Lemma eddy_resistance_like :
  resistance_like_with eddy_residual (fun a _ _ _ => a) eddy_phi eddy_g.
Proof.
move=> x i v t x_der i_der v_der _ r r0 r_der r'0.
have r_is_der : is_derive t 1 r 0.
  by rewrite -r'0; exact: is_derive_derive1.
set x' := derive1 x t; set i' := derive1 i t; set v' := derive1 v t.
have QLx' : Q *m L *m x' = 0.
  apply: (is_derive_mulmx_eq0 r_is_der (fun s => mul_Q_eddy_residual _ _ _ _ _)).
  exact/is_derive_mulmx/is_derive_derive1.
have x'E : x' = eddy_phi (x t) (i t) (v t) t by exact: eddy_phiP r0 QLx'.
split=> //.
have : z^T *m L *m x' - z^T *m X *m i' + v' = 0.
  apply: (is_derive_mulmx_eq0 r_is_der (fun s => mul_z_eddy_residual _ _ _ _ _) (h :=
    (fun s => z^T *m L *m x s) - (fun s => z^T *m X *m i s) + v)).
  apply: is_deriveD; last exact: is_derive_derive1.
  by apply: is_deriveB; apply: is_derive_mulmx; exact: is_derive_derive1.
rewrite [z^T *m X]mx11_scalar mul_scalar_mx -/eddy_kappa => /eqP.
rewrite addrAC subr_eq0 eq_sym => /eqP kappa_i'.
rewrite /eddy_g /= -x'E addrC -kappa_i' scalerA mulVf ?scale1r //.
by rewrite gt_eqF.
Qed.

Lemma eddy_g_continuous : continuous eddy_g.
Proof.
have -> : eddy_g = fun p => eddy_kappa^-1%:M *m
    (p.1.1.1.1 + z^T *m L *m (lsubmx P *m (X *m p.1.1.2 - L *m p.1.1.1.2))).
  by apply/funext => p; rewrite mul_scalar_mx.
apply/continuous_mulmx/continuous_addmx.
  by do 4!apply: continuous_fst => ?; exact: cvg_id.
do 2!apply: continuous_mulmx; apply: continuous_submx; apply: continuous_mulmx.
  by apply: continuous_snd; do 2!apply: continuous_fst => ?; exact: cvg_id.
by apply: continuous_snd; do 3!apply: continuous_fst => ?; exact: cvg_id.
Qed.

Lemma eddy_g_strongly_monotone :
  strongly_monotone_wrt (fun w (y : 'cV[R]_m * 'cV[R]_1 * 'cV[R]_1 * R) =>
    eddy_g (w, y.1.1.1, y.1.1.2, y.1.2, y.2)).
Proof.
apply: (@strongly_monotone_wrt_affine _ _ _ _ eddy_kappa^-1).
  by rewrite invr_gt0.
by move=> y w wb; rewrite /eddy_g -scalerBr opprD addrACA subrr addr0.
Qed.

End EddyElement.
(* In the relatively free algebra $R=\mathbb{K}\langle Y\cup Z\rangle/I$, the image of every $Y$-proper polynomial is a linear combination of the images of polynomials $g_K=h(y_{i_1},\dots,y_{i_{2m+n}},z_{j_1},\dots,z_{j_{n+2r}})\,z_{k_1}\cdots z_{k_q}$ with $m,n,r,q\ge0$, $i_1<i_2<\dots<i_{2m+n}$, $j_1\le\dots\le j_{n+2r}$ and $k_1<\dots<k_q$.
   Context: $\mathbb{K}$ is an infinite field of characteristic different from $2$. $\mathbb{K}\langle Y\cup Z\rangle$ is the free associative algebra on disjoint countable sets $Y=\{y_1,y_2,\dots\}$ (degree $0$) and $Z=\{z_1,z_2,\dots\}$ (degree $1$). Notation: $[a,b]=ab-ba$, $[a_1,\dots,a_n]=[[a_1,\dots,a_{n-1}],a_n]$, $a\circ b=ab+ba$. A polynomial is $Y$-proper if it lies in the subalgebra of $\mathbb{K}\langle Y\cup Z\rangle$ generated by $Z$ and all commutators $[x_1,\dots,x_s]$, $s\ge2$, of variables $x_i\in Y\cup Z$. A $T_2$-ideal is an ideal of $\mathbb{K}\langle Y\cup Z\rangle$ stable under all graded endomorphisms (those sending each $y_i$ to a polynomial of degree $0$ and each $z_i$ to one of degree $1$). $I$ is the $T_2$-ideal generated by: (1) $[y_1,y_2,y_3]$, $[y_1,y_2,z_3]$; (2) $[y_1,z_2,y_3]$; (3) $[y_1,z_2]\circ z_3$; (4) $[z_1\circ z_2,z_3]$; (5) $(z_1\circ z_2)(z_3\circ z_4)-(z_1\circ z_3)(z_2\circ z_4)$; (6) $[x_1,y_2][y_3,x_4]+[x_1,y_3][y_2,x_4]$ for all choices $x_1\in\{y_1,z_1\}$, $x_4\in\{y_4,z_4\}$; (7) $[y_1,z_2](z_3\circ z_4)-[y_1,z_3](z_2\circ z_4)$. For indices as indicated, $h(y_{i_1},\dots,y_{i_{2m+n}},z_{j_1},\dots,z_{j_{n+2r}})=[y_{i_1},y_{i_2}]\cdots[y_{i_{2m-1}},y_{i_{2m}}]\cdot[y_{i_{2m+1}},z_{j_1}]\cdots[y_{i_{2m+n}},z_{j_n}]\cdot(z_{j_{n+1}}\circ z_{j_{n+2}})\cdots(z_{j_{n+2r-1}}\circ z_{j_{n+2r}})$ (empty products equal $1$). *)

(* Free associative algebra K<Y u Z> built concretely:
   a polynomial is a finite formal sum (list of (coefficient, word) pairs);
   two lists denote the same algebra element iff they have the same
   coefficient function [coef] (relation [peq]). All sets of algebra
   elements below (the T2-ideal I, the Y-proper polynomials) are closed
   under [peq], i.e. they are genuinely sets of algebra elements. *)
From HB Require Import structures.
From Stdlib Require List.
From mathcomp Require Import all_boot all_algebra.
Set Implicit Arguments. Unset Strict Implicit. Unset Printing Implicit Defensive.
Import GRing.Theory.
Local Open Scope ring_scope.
· · · ·
> **TASK**: All lines in the listing above from the line containing "rewrite [z^T *m" to the line containing "have -> : eddy_g", inclusive, should be retyped exactly; no other lines should appear.

> **SOLUTION BELOW**:
rewrite [z^T *m X]mx11_scalar mul_scalar_mx -/eddy_kappa => /eqP.
rewrite addrAC subr_eq0 eq_sym => /eqP kappa_i'.
rewrite /eddy_g /= -x'E addrC -kappa_i' scalerA mulVf ?scale1r //.
by rewrite gt_eqF.
Qed.

Lemma eddy_g_continuous : continuous eddy_g.
Proof.
have -> : eddy_g = fun p => eddy_kappa^-1%:M *m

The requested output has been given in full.